Aim of the exercise: Please print the entries below exactly, from the line with "[/\ lam_hom d" through the line with "images of f and f' cover [n]. *)", including both of those lines and leaving out all others.

Given records:
(* Let $f:I\to[n]$ and $f':I'\to[n]$ be left active morphisms in $\Delta$ such that the claw $(f,f')$ is compatible, and consider their pullback square in $\Delta$ (with corners $I\cap I'$, $I$, $I'$, $[n]$), which is strongly biCartesian. Then the image of this square under the canonical functor $\Delta\to\Lambda$ is a pushout square in $\Lambda$.
   Context: $\Delta$: simplex category of $[n]=\{0<\dots<n\}$, weakly monotone maps; $f$ left active means $f(0)=0$. $\Lambda$: Connes' cyclic category with canonical functor $\Delta\to\Lambda$, $[n]\mapsto\langle n\rangle=(\mathbb{Z}/(n+1),+1)$, identifying $\Delta$ with the slice $\Lambda_{/\langle0\rangle}$ (forgetful functor). A pair $(f:I\to[n],f':I'\to[n])$ is compatible if (BC1) for each $i\in[n]$ at most one of $f^{-1}\{i\},f'^{-1}\{i\}$ is not a singleton, and (BC2) for each $0<i\le n$ at most one of $f(I),f'(I')$ fails to contain $\{i-1,i\}$. *)

From mathcomp Require Import all_boot all_order all_algebra.
Set Implicit Arguments. Unset Strict Implicit. Unset Printing Implicit Defensive.
Import Order.TTheory GRing.Theory Num.Theory.

(** * The simplex category Delta.
    Objects are [n] = {0 < ... < n}, represented by 'I_n.+1;
    a morphism [m] -> [n] is a weakly monotone function 'I_m.+1 -> 'I_n.+1. *)
Definition dmono (m n : nat) (f : 'I_m.+1 -> 'I_n.+1) : Prop :=
  forall x y : 'I_m.+1, (x <= y)%N -> (f x <= f y)%N.

Definition left_active (m n : nat) (f : 'I_m.+1 -> 'I_n.+1) : Prop :=
  nat_of_ord (f ord0) = 0%N.

Definition in_image (m n : nat) (f : 'I_m.+1 -> 'I_n.+1) (j : nat) : bool :=
  [exists x, nat_of_ord (f x) == j].

(** Compatibility of the claw (f, f') : conditions (BC1) and (BC2).
    "at most one of the two fails" = "at least one of the two holds". *)
Definition compatible (m m' n : nat) (f : 'I_m.+1 -> 'I_n.+1)
    (f' : 'I_m'.+1 -> 'I_n.+1) : Prop :=
  (forall i : 'I_n.+1,
      (#|[pred x | f x == i]| == 1%N) || (#|[pred x | f' x == i]| == 1%N)) /\
  (forall i : 'I_n.+1, (0 < i)%N ->
      (in_image f i.-1 && in_image f i) || (in_image f' i.-1 && in_image f' i)).

Definition delta_pullback (k m m' n : nat)
    (g : 'I_k.+1 -> 'I_m.+1) (g' : 'I_k.+1 -> 'I_m'.+1)
    (f : 'I_m.+1 -> 'I_n.+1) (f' : 'I_m'.+1 -> 'I_n.+1) : Prop :=
  [/\ dmono g, dmono g', (forall x, f (g x) = f' (g' x)) &
   forall (l : nat) (h : 'I_l.+1 -> 'I_m.+1) (h' : 'I_l.+1 -> 'I_m'.+1),
     dmono h -> dmono h' -> (forall x, f (h x) = f' (h' x)) ->
     exists u : 'I_l.+1 -> 'I_k.+1,
       [/\ dmono u, (forall x, g (u x) = h x), (forall x, g' (u x) = h' x) &
        forall u' : 'I_l.+1 -> 'I_k.+1, dmono u' ->
          (forall x, g (u' x) = h x) -> (forall x, g' (u' x) = h' x) ->
          forall x, u' x = u x]].

(** Model: Lambda = Lambda_infty / Z.  A morphism
    <m> -> <n> is represented by a weakly monotone F : int -> int with
    F (i + (m+1)) = F i + (n+1); two representatives define the same morphism
    iff they differ by a multiple of (n+1).  Composition is composition of
    representatives, identity is the identity. *)
Local Open Scope ring_scope.

Definition lam_hom (m n : nat) (F : int -> int) : Prop :=
  (forall i j : int, i <= j -> F i <= F j) /\
  (forall i : int, F (i + (m.+1)%:Z) = F i + (n.+1)%:Z).

Definition lam_eq (n : nat) (F G : int -> int) : Prop :=
  exists c : int, forall i : int, G i = F i + c * (n.+1)%:Z.

(** The canonical functor Delta -> Lambda, [m] |-> <m>:
    f is extended periodically, i + q(m+1) |-> f(i) + q(n+1) for i in [m]. *)
Definition lam_of (m n : nat) (f : 'I_m.+1 -> 'I_n.+1) : int -> int :=
  fun i => (nat_of_ord (f (inord (absz (i %% (m.+1)%:Z)%Z))))%:Z
           + (i %/ (m.+1)%:Z)%Z * (n.+1)%:Z.

Definition lam_pushout (a b c d : nat) (p q u v : int -> int) : Prop :=
  [/\ (lam_hom a b p /\ lam_hom a c q), lam_hom b d u, lam_hom c d v,
   lam_eq d (u \o p) (v \o q) &
   forall (e : nat) (x y : int -> int),
     lam_hom b e x -> lam_hom c e y -> lam_eq e (x \o p) (y \o q) ->
     exists z : int -> int,
       [/\ lam_hom d e z, lam_eq e (z \o u) x, lam_eq e (z \o v) y &
        forall z' : int -> int, lam_hom d e z' ->
          lam_eq e (z' \o u) x -> lam_eq e (z' \o v) y -> lam_eq e z z']].

(* A morphism <m> -> <n> of Lambda is a monotone map Z -> Z commuting with the shifts
   by m+1 and n+1, so it is the periodic extension of its monotone restriction h to
   {0..m}, subject only to h m <= h 0 + n + 1; the functor Delta -> Lambda extends f
   in exactly this way.  Given x, y under the images of g and g', their restrictions
   agree on every pair (i, i') with f i = f' i', since such a pair lifts to the pullback.
   By (BC1) x is then constant on the fibres of f and y on those of f', so they glue to
   a function on [n]: it is defined everywhere because f 0 = 0 and (BC2) puts every
   i > 0 in the image of f or f', and it is monotone because (BC2) puts i-1 and i in a
   common image.  Its periodic extension is the factorization, unique because the
   images of f and f' cover [n]. *)

From mathcomp Require Import all_boot all_order all_algebra.
From mathcomp Require Import ring.
Set Implicit Arguments. Unset Strict Implicit. Unset Printing Implicit Defensive.
Import Order.TTheory GRing.Theory Num.Theory.
Local Open Scope ring_scope.

Lemma int_ord_decomp (m : nat) (i : int) :
  exists (r : 'I_m.+1) (q : int), i = r%:Z + q * (m.+1)%:Z.
Proof.
have m_neq0 : (m.+1)%:Z != 0 by [].
case: (i %% (m.+1)%:Z)%Z (divz_eq i (m.+1)%:Z) (modz_ge0 i m_neq0) (ltz_mod i m_neq0) => //.
move=> r i_eq _ r_lt.
by exists (Ordinal (r_lt : (r < m.+1)%N)), (i %/ (m.+1)%:Z)%Z; rewrite addrC.
Qed.

Lemma int_homo_step (F : int -> int) :
  (forall i, F i <= F (i + 1)) -> {homo F : i j / i <= j}.
Proof.
move=> F_step i j; rewrite -subr_ge0; case: (j - i) (subrK i j) => // d <- _.
have F_shift_mono : {homo (fun t : nat => F (i + t%:Z)) : s t / (s <= t)%N >-> s <= t}.
  apply: homo_leq => [//|? ? ?|t]; first exact: le_trans.
  by rewrite -addn1 PoszD addrA F_step.
by have := F_shift_mono 0%N d (leq0n d); rewrite addr0 addrC.
Qed.

Definition periodize (m E : nat) (h : 'I_m.+1 -> int) (i : int) : int :=
  h (inord (absz (i %% (m.+1)%:Z)%Z)) + (i %/ (m.+1)%:Z)%Z * E%:Z.

Lemma lam_of_periodize m n (f : 'I_m.+1 -> 'I_n.+1) :
  lam_of f = periodize n.+1 (fun r => (f r)%:Z).
Proof. by []. Qed.

Lemma eq_periodize m E (h1 h2 : 'I_m.+1 -> int) :
  h1 =1 h2 -> periodize E h1 =1 periodize E h2.
Proof. by move=> eq_h i; rewrite /periodize eq_h. Qed.

Lemma periodizeE m E (h : 'I_m.+1 -> int) (r : 'I_m.+1) (q : int) :
  periodize E h (r%:Z + q * (m.+1)%:Z) = h r + q * E%:Z.
Proof.
have r_small : 0 <= r%:Z < (m.+1)%:Z by rewrite ltz_nat ltn_ord.
rewrite /periodize [r%:Z + _]addrC modzMDl divzMDl // modz_small // divz_small //.
by rewrite addr0 inord_val.
Qed.

Lemma periodize_ord m E (h : 'I_m.+1 -> int) (r : 'I_m.+1) :
  periodize E h r%:Z = h r.
Proof. by have := periodizeE E h r 0; rewrite !mul0r !addr0. Qed.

Exercise result:
       [/\ lam_hom d e z, lam_eq e (z \o u) x, lam_eq e (z \o v) y &
        forall z' : int -> int, lam_hom d e z' ->
          lam_eq e (z' \o u) x -> lam_eq e (z' \o v) y -> lam_eq e z z']].

(* A morphism <m> -> <n> of Lambda is a monotone map Z -> Z commuting with the shifts
   by m+1 and n+1, so it is the periodic extension of its monotone restriction h to
   {0..m}, subject only to h m <= h 0 + n + 1; the functor Delta -> Lambda extends f
   in exactly this way.  Given x, y under the images of g and g', their restrictions
   agree on every pair (i, i') with f i = f' i', since such a pair lifts to the pullback.
   By (BC1) x is then constant on the fibres of f and y on those of f', so they glue to
   a function on [n]: it is defined everywhere because f 0 = 0 and (BC2) puts every
   i > 0 in the image of f or f', and it is monotone because (BC2) puts i-1 and i in a
   common image.  Its periodic extension is the factorization, unique because the
   images of f and f' cover [n]. *)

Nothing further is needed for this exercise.